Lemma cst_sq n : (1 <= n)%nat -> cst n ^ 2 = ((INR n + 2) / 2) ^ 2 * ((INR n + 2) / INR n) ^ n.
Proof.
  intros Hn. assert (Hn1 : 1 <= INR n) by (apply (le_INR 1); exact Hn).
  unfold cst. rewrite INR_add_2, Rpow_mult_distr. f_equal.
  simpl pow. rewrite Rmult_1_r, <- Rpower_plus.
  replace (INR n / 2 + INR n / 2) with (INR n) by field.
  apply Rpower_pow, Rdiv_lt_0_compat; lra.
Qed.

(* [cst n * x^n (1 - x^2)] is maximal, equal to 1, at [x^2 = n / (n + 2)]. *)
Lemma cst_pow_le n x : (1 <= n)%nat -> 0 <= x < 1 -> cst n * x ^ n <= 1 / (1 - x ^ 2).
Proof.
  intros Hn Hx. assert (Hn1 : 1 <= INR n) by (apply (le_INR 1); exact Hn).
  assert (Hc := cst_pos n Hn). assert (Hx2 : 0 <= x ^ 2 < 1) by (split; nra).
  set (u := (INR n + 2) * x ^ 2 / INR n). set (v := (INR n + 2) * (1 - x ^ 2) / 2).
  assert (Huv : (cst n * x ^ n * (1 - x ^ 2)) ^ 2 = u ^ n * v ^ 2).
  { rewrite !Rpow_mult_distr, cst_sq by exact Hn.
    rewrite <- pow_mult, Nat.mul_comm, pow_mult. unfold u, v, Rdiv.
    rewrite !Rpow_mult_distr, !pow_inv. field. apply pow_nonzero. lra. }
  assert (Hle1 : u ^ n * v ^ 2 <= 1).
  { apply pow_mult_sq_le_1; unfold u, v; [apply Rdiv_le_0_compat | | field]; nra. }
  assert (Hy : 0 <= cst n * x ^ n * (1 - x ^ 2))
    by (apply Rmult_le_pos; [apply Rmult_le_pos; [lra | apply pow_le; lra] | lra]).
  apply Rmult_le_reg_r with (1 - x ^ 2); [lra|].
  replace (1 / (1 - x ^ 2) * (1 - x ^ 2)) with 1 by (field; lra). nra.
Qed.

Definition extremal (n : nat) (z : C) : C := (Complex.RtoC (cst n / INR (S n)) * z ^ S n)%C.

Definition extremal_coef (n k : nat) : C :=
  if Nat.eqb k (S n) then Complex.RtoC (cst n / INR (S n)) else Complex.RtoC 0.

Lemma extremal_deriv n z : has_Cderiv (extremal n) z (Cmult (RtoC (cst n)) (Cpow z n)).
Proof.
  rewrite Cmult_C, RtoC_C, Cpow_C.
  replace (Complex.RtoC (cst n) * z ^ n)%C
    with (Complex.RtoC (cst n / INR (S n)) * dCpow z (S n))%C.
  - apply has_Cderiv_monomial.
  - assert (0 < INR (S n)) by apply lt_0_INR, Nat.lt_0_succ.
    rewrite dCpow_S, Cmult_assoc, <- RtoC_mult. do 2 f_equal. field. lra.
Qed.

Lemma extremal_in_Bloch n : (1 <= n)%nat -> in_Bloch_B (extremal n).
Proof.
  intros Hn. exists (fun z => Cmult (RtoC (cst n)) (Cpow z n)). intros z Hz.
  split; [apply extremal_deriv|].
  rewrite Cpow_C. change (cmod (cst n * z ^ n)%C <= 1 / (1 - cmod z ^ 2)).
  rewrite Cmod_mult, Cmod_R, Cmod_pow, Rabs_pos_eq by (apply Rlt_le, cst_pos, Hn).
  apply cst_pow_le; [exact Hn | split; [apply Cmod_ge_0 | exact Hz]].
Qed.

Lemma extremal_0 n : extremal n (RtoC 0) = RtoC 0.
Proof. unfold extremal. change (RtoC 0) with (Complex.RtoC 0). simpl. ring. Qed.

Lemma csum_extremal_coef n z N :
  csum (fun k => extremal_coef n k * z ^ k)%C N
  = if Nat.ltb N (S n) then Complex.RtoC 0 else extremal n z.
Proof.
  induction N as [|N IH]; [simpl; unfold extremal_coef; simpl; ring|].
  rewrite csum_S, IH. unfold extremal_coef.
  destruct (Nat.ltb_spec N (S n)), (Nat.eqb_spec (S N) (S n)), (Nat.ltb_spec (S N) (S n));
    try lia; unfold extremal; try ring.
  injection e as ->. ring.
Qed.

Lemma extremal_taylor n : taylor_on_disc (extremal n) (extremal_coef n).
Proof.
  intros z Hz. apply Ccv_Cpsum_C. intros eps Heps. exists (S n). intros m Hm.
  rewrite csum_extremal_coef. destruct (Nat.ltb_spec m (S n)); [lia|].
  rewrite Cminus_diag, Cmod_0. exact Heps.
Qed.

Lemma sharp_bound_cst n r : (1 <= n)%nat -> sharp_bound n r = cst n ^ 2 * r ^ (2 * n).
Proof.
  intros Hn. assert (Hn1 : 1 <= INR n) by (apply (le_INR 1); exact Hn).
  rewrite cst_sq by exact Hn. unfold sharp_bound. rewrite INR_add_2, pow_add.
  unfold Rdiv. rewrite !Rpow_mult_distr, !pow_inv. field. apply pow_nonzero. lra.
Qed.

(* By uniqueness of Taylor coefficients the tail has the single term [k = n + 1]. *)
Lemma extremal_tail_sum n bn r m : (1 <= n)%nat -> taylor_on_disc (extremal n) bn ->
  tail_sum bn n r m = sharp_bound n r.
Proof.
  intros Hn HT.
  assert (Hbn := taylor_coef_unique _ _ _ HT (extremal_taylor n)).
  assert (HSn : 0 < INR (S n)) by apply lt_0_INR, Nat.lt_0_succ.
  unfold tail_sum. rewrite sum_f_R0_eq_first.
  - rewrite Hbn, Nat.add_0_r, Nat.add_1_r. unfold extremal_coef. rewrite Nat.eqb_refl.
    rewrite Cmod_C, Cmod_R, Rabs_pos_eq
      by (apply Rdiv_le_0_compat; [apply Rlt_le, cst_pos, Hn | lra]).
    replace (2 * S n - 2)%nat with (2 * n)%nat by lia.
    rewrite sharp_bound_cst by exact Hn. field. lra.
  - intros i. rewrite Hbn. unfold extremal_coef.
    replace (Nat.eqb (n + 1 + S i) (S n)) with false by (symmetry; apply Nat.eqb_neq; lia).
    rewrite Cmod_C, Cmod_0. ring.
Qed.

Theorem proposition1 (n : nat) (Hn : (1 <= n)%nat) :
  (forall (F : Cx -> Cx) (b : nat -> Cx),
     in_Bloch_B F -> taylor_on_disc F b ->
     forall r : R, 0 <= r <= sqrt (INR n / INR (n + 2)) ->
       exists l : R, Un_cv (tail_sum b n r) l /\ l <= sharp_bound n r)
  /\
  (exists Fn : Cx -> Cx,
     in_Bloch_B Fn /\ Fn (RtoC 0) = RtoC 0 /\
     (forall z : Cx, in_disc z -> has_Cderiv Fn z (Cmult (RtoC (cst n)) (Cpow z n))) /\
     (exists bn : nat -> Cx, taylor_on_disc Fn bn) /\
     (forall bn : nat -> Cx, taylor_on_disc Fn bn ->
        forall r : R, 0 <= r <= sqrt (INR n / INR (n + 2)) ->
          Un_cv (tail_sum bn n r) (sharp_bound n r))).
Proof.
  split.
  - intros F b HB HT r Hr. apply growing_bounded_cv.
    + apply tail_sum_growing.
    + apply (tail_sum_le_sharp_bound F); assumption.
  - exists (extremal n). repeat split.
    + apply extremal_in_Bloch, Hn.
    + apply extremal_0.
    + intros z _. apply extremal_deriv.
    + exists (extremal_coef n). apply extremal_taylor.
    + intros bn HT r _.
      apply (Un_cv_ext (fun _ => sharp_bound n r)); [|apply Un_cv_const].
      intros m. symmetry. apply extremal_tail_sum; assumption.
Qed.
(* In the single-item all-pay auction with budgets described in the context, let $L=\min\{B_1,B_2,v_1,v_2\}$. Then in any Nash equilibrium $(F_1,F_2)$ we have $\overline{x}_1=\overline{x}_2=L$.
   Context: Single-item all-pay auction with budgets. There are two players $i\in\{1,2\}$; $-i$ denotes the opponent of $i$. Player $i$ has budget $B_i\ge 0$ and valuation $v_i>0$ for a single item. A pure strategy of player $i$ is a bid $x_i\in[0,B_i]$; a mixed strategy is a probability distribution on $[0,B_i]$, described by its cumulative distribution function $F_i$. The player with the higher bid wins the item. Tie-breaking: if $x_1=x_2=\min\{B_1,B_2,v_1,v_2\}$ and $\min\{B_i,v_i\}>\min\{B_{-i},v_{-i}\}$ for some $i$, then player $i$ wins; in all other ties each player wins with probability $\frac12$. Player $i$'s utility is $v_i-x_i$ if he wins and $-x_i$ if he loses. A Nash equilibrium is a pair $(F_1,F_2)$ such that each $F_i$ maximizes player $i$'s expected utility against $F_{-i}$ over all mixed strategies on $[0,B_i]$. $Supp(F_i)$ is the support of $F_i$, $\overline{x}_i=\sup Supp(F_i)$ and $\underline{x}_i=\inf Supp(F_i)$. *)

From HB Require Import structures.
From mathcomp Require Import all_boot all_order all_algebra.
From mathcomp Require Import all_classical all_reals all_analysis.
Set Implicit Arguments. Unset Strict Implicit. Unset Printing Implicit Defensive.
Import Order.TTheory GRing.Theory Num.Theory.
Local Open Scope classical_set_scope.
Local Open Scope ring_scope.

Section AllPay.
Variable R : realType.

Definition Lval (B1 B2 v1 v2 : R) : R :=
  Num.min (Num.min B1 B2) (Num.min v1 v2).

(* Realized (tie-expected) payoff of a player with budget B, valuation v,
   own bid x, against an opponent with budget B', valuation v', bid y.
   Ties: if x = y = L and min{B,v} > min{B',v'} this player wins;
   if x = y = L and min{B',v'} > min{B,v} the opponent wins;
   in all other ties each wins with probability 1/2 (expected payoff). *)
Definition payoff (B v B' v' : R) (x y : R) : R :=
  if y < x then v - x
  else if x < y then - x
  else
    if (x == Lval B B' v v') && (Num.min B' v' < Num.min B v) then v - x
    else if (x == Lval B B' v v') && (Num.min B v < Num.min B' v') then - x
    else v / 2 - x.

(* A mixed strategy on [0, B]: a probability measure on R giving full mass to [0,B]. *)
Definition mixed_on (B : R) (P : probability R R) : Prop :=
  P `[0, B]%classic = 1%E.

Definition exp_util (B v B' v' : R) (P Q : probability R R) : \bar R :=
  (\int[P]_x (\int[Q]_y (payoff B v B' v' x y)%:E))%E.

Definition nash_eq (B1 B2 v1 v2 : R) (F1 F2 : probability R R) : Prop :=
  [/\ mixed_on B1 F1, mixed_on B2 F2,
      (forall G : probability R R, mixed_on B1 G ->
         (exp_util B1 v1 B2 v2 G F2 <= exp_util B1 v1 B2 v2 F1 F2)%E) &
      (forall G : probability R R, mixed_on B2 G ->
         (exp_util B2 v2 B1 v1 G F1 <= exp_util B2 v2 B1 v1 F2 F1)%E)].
= = = =
Work task: Starting at the line that contains "[/\ mixed_on B1", copy every line down to the last line of the records above, exactly as written.

Response:
  [/\ mixed_on B1 F1, mixed_on B2 F2,
      (forall G : probability R R, mixed_on B1 G ->
         (exp_util B1 v1 B2 v2 G F2 <= exp_util B1 v1 B2 v2 F1 F2)%E) &
      (forall G : probability R R, mixed_on B2 G ->
         (exp_util B2 v2 B1 v1 G F1 <= exp_util B2 v2 B1 v1 F2 F1)%E)].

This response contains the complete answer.